What’s changed? Sure the credit market imploded causing a major recession a few years ago, but is that the root cause? I much prefer this narrative from the article:
Childhood is a fairly recent economic innovation. For most of recorded history, a vast majority of people began working by age 4, typically on a farm, and were full time by 10. According to James Marten, a historian at Marquette University and the editor of The Journal of the History of Childhood and Youth, it wasn’t until the 1830s, as the U.S. economy began to shift from subsistence agriculture to industry and markets, that life began to change slowly for little kids. Parents were getting richer, family sizes fell and, by the 1850s, school attendance started to become mandatory. By the end of the Civil War, much of American culture had accepted the notion that children under 13 should be protected from economic life, and child-labor laws started emerging around the turn of the century. As the country grew wealthier over the ensuing decades, childhood expanded along with it. Eventually, teenagers were no longer considered younger, less-competent adults but rather older children who should be nurtured and encouraged to explore.
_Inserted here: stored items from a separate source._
Lemma comps_bounds n q :
  In q (comps n) -> 0 <= fst q /\ snd q <= 1 /\ snd q - fst q = comp_len n.
Proof.
  revert q; induction n as [|n IH]; intros q Hq.
  - destruct Hq as [<- | []]; unfold comp_len; simpl; lra.
  - apply in_flat_map in Hq as [q0 [Hq0 Hr]].
    destruct (IH q0 Hq0) as (A & B & C).
    destruct (split_comp_pieces n q0 q C Hr) as (D & E & F & _); lra.
Qed.

Lemma comps_disjoint n q q' y :
  In q (comps n) -> In q' (comps n) ->
  fst q <= y <= snd q -> fst q' <= y <= snd q' -> q = q'.
Proof.
  revert q q'; induction n as [|n IH]; intros q q' Hq Hq' Hy Hy'.
  - destruct Hq as [<- | []], Hq' as [<- | []]; reflexivity.
  - apply in_flat_map in Hq as [p [Hp Hq]], Hq' as [p' [Hp' Hq']].
    destruct (comps_bounds n p Hp) as (_ & _ & Lp).
    destruct (comps_bounds n p' Hp') as (_ & _ & Lp').
    pose proof (split_comp_pieces n p q Lp Hq) as Pq.
    pose proof (split_comp_pieces n p' q' Lp' Hq') as Pq'.
    assert (p' = p) as -> by (apply (IH p' p Hp' Hp); lra).
    pose proof (half_gap_pos (S n)).
    unfold split_comp, gap, midpt in *; cbn [fst snd] in *.
    destruct Hq as [<- | [<- | []]], Hq' as [<- | [<- | []]]; cbn [fst snd] in *;
      solve [reflexivity | lra].
Qed.

Lemma in_Sn_succ n y : in_Sn (S n) y -> in_Sn n y.
Proof.
  intros [r [Hr Hy]]; apply in_flat_map in Hr as [q [Hq Hr]].
  destruct (comps_bounds n q Hq) as (_ & _ & Lq).
  destruct (split_comp_pieces n q r Lq Hr) as (A & B & _).
  exists q; split; [exact Hq | lra].
Qed.

Lemma in_Sn_le m n y : (m <= n)%nat -> in_Sn n y -> in_Sn m y.
Proof. induction 1; auto using in_Sn_succ. Qed.

Lemma gap_sub_comp n q y :
  In q (comps n) -> fst (gap n q) < y < snd (gap n q) -> fst q < y < snd q.
Proof.
  intros Hq Hy; destruct (comps_bounds n q Hq) as (_ & _ & Lq).
  pose proof (comp_len_succ n); pose proof (comp_len_pos (S n)).
  unfold gap, midpt in *; cbn [fst snd] in *; lra.
Qed.

Lemma gap_not_in_Sn n q y :
  In q (comps n) -> fst (gap n q) < y < snd (gap n q) -> ~ in_Sn (S n) y.
Proof.
  intros Hq Hy [r [Hr Hyr]]; apply in_flat_map in Hr as [p [Hp Hr]].
  destruct (comps_bounds n p Hp) as (_ & _ & Lp).
  destruct (split_comp_pieces n p r Lp Hr) as (A & B & _ & D).
  pose proof (gap_sub_comp n q y Hq Hy).
  assert (p = q) as -> by (apply (comps_disjoint n p q y); auto; lra).
  destruct D; lra.
Qed.

Lemma contiguous_unique n q p y :
  In q (comps n) -> fst (gap n q) < y < snd (gap n q) ->
  contiguous p -> fst p < y < snd p -> p = gap n q.
Proof.
  intros Hq Hy [m [q' [Hq' [E1 E2]]]] Hyp.
  assert (Hy' : fst (gap m q') < y < snd (gap m q')) by (unfold gap; cbn [fst snd]; lra).
  pose proof (gap_sub_comp n q y Hq Hy); pose proof (gap_sub_comp m q' y Hq' Hy').
  assert (Sn : in_Sn n y) by (exists q; split; [exact Hq | lra]).
  assert (Sm : in_Sn m y) by (exists q'; split; [exact Hq' | lra]).
  destruct (lt_eq_lt_dec m n) as [[Hmn | <-] | Hnm].
  - exfalso; apply (gap_not_in_Sn m q' y Hq' Hy'), (in_Sn_le (S m) n y Hmn Sn).
  - assert (q' = q) as -> by (apply (comps_disjoint m q' q y); auto; lra).
    destruct p; unfold gap; cbn [fst snd] in *; congruence.
  - exfalso; apply (gap_not_in_Sn n q y Hq Hy), (in_Sn_le (S n) m y Hnm Sm).
Qed.

Lemma svc_f_gap n q y :
  In q (comps n) -> fst (gap n q) < y < snd (gap n q) ->
  svc_f y = f_piece (fst (gap n q)) (snd (gap n q)) y.
Proof.
  intros Hq Hy; unfold svc_f.
  destruct (excluded_middle_informative _) as [e | ne].
  - destruct (constructive_indefinite_description _ e) as [p [Hp Hyp]]; cbn.
    now rewrite (contiguous_unique n q p y Hq Hy Hp Hyp).
  - exfalso; apply ne; exists (gap n q); split; [| exact Hy].
    exists n, q; auto.
Qed.

Lemma svc_f_in_S x : in_S x -> svc_f x = 0.
Proof.
  intros HS; unfold svc_f.
  destruct (excluded_middle_informative _) as [[p [[n [q [Hq [E1 E2]]]] Hx]] | _];
    [exfalso | reflexivity].
  apply (gap_not_in_Sn n q x Hq); [unfold gap; cbn [fst snd]; lra | apply HS].
Qed.

Lemma f_piece_near_ends a b t : 0 < t < (b - a) / 2 ->
  f_piece a b (a + t) = Rpower t (1 / 4) * sin (Rpower t (- (7 / 4))) /\
  f_piece a b (b - t) = Rpower t (1 / 4) * sin (Rpower t (- (7 / 4))).
Proof.
  intros Ht; unfold f_piece; split.
  - destruct (Rle_dec _ _); [| lra]; now replace (a + t - a) with t by ring.
  - destruct (Rle_dec _ _); [lra |]; now replace (b - (b - t)) with t by ring.
Qed.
Jeffrey Jensen Arnett, a psychologist at Clark University who coined the term “emerging adulthood,” sees boomerang kids as the continuation of this centuries-long trend.
Regardless of the cause of adult-aged kids living with their parents, it’s just one more substantial difference in a generation that grew up at the frontier of digital.
What are some of the implications? Financial dependence. Over-emphasizing job decisions (e.g. Do I really want to do X? That’s not my passion. What do I love to do, anyway?). Having kids at a much later age. Greater rigidity. Dependence on adult-supervision. Indecisiveness.
Those are mostly negative things in my mind. Surely there are some positives. Anyone want to suggest a few?